Suppose an electron is attracted toward the origin by a force`(k)/(r )` where `k` is a constant and `r` is the distance of the electron from the origin .By applying Bohr model to this system the radius of the `n^(th)` orbital of the electron is found to be `r_(n)` and the kinetic energy of the electron to be `T_(n)` , Then which of the following is true ?

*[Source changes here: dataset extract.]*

(* Let $P=\langle \mathit{Init}(X),\mathit{Tr}(X,X'),\mathit{Bad}(X)\rangle$ be a safety problem over $\mathcal{T}$, and suppose the Quic3 rules are applied to $P$ in any order starting from the initial state. Then in every step of Quic3, for every $k<N$, the sequence $\forall Q_1,\dots,\forall Q_k$ is an interpolation sequence of length $k$ for $P$.
   Context: $\mathcal{T}$ is the combined first-order theory of linear integer arithmetic and arrays, with sorts $\mathsf{int}$ and $\mathsf{array}$ (array indices and values have sort $\mathsf{int}$; $\mathsf{sel}$, $\mathit{store}$ are array read/write). Formulas may contain uninterpreted constants; among them are Skolem constants $\mathit{SK}=\{sk_i: i\in\mathbb{N}\}$ of sort $\mathsf{int}$. Variables of sort $\mathsf{int}$ are named $v_i$. A substitution is a partial sort-respecting map from variables to terms; $\varphi\sigma$ is its application; $\emptyset$ is the empty substitution. The Skolem substitution $\mathit{sk}$ maps $v_i\mapsto sk_i$; $L_{\mathit{sk}}$ denotes $L\,\mathit{sk}$. $\mathit{Const}(\varphi)$, $\mathit{FVars}(\varphi)$ denote uninterpreted constants and free variables; $\forall\varphi$ / $\exists\varphi$ are universal / existential closures over all free variables; $\varphi\Rightarrow\psi$ means $\varphi\to\psi$ is valid in $\mathcal{T}$. For a set $U$ of constants and formula $\varphi$, $\mathit{abs}(U,\varphi)=(\psi,\sigma)$: $\psi$ is obtained from $\varphi$ by replacing each constant of $U$ by a variable not free in $\varphi$, each $sk_i\in U$ being replaced by $v_i$; $\mathit{dom}(\sigma)=\mathit{FVars}(\psi)\setminus\mathit{FVars}(\varphi)$, $\psi\sigma=\varphi$, and no constant of $U$ occurs in $\psi$. For ground $\varphi$, $\exists U\cdot\varphi$ denotes $\exists\psi$ with $(\psi,\_)=\mathit{abs}(U,\varphi)$. A partial model-based projection $\textsc{pMbp}(U,\varphi,M)=(\psi,W)$ (for ground $\varphi$, $M\models\varphi$, $U\subseteq\mathit{Const}(\varphi)$) satisfies: $\psi$ is a conjunction of ground literals; $W\subseteq U$, $\mathit{Const}(\psi)\subseteq\mathit{Const}(\varphi)\setminus(U\setminus W)$; $\psi\Rightarrow\exists(U\setminus W)\cdot\varphi$; $M\models\psi$; for fixed $U,\varphi$ only finitely many values arise over all models $M$; $W$ contains no array constant. For ground $A,B$ with $A\wedge B$ unsatisfiable, $\textsc{Itp}(A,B)$ is an interpolant: a ground formula $I$ with $\mathit{Const}(I)\subseteq\mathit{Const}(A)\cap\mathit{Const}(B)$, $A\Rightarrow I$ and $I\Rightarrow\neg B$. A safety problem $\langle \mathit{Init}(X),\mathit{Tr}(X,X'),\mathit{Bad}(X)\rangle$ has a finite set $X$ of constants disjoint from $\mathit{SK}$, primed copy $X'=\{a'\mid a\in X\}$, and quantifier-free ground $\mathit{Init},\mathit{Bad}$ over $X$ and $\mathit{Tr}$ over $X\cup X'$. $\varphi'$ replaces each $a\in X$ by $a'$ in $\varphi$, and for $L'$ a formula over $X'\cup\mathit{SK}$, $L$ denotes its unprimed version. $\mathcal{F}(A)=(A(X)\wedge\mathit{Tr}(X,X'))\vee\mathit{Init}(X')$. An interpolation sequence of length $k$ for $P$ is a sequence of formulas $I_1(X),\dots,I_k(X)$ with $\mathit{Init}(X)\Rightarrow I_1(X)$, $I_j(X)\wedge\mathit{Tr}(X,X')\Rightarrow I_{j+1}(X')$ for $1\le j\le k-1$, and $I_k(X)\Rightarrow\neg\mathit{Bad}(X)$. A frame $Q$ is a finite set of pairs $(\ell,\sigma)$, $\ell$ quantifier-free over $X$ with free variables of sort $\mathsf{int}$, $\sigma$ a substitution with $\mathit{FVars}(\ell)\subseteq\mathit{dom}(\sigma)$ and range in $X'\cup\mathit{SK}$; $\forall Q$ is the set (read as conjunction) of $\forall\ell$ and $\mathit{qi}(Q)$ the conjunction of $\ell\sigma$ over $(\ell,\sigma)\in Q$. A proof obligation (POB) is $\langle m,\sigma,i\rangle$ with $m$ a conjunction of literals over $X$ with free $\mathsf{int}$ variables, $m\sigma$ ground, $i\in\mathbb N$. Quic3 maintains a POB queue $\mathcal Q$, a level $N$ and frames $Q_0,Q_1,\dots$; initially $\mathcal Q=\emptyset$, $N=0$, $Q_0=\{(\mathit{Init},\emptyset)\}$, $Q_i=\emptyset$ for $i>0$. It applies, in any order, the rules: (Safe) if some $i<N$ has $\forall Q_i\subseteq\forall Q_{i+1}$, return Safe; (Cex) if some $\langle m,\sigma,0\rangle\in\mathcal Q$, return Cex; (Unfold) if $\mathit{qi}(Q_N)\Rightarrow\neg\mathit{Bad}$, set $N\gets N+1$; (Candidate) if $m$ is a monomial with $m\Rightarrow\mathit{qi}(Q_N)\wedge\mathit{Bad}$, add $\langle m,\emptyset,N\rangle$ to $\mathcal Q$; (Predecessor) if $\langle m,\xi,i+1\rangle\in\mathcal Q$ and $M\models\mathit{qi}(Q_i)\wedge\mathit{Tr}\wedge m'_{\mathit{sk}}$, add $\langle\psi,\sigma,i\rangle$ where $(\psi,\sigma)=\mathit{abs}(U,\varphi)$ and $(\varphi,U)=\textsc{pMbp}(X'\cup\mathit{SK},\mathit{Tr}\wedge m'_{\mathit{sk}},M)$; (NewLemma) for $0\le i<N$ and $\langle m,\sigma,i+1\rangle\in\mathcal Q$ with $\mathcal F(\mathit{qi}(Q_i))\wedge m'_{\mathit{sk}}$ unsatisfiable, let $L'=\textsc{Itp}(\mathcal F(\mathit{qi}(Q_i)),m'_{\mathit{sk}})$ and $(\ell,\_)=\mathit{abs}(\mathit{SK},L)$, and add $(\ell,\sigma)$ to $Q_j$ for all $j\le i+1$; (Push) for $0\le i<N$ and $((\varphi\vee\psi),\sigma)\in Q_i$, if $(\varphi,\sigma)\notin Q_{i+1}$, $\mathit{Init}\Rightarrow\forall\varphi$ and $(\forall\varphi)\wedge\forall Q_i\wedge\mathit{qi}(Q_i)\wedge\mathit{Tr}\Rightarrow\forall\varphi'$, add $(\varphi,\sigma)$ to $Q_j$ for all $j\le i+1$. *)

From Stdlib Require Import ZArith List Bool Arith Relations.
Import ListNotations.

To solve the problem step by step, we will analyze the situation using the Bohr model and the given force acting on the electron. ### Step 1: Understand the Force Acting on the Electron The electron is attracted toward the origin by a force given by: \[ F = \frac{k}{r} \] where \( k \) is a constant and \( r \) is the distance of the electron from the origin. **Hint**: Identify the nature of the force and how it relates to the motion of the electron. ### Step 2: Relate the Force to Centripetal Force In circular motion, the centripetal force required to keep the electron in orbit is provided by the attractive force. Therefore, we can equate the two: \[ \frac{k}{r} = \frac{mv^2}{r} \] where \( m \) is the mass of the electron and \( v \) is its velocity. **Hint**: Recognize that the centripetal force is necessary for circular motion. ### Step 3: Simplify the Equation By canceling \( r \) from both sides, we have: \[ k = mv^2 \] From this, we can express the kinetic energy \( T \) of the electron: \[ T = \frac{1}{2}mv^2 = \frac{k}{2} \] **Hint**: Kinetic energy is related to the velocity of the electron, which is derived from the force acting on it. ### Step 4: Analyze the Kinetic Energy From the previous step, we see that the kinetic energy \( T \) is a constant value \( \frac{k}{2} \), which does not depend on \( n \) (the quantum number). **Hint**: Consider how kinetic energy relates to the quantum states of the electron. ### Step 5: Determine the Radius of the nth Orbit According to the Bohr model, the angular momentum \( L \) of the electron in the nth orbit is quantized: \[ L = n\frac{h}{2\pi} \] where \( h \) is Planck's constant. The relationship between the radius \( r_n \) and the angular momentum can be expressed as: \[ r_n \propto n^2 \] **Hint**: Recall that in the Bohr model, the radius of the orbit increases with the square of the principal quantum number \( n \). ### Step 6: Conclusion From the analysis: - The kinetic energy \( T_n \) is independent of \( n \). - The radius \( r_n \) is directly proportional to \( n^2 \). Thus, the correct conclusion is that: - The kinetic energy \( T_n \) is constant and does not depend on \( n \). - The radius of the nth orbit \( r_n \) is proportional to \( n^2 \). **Final Answer**: The kinetic energy \( T_n \) is independent of \( n \), while the radius \( r_n \) is proportional to \( n^2 \).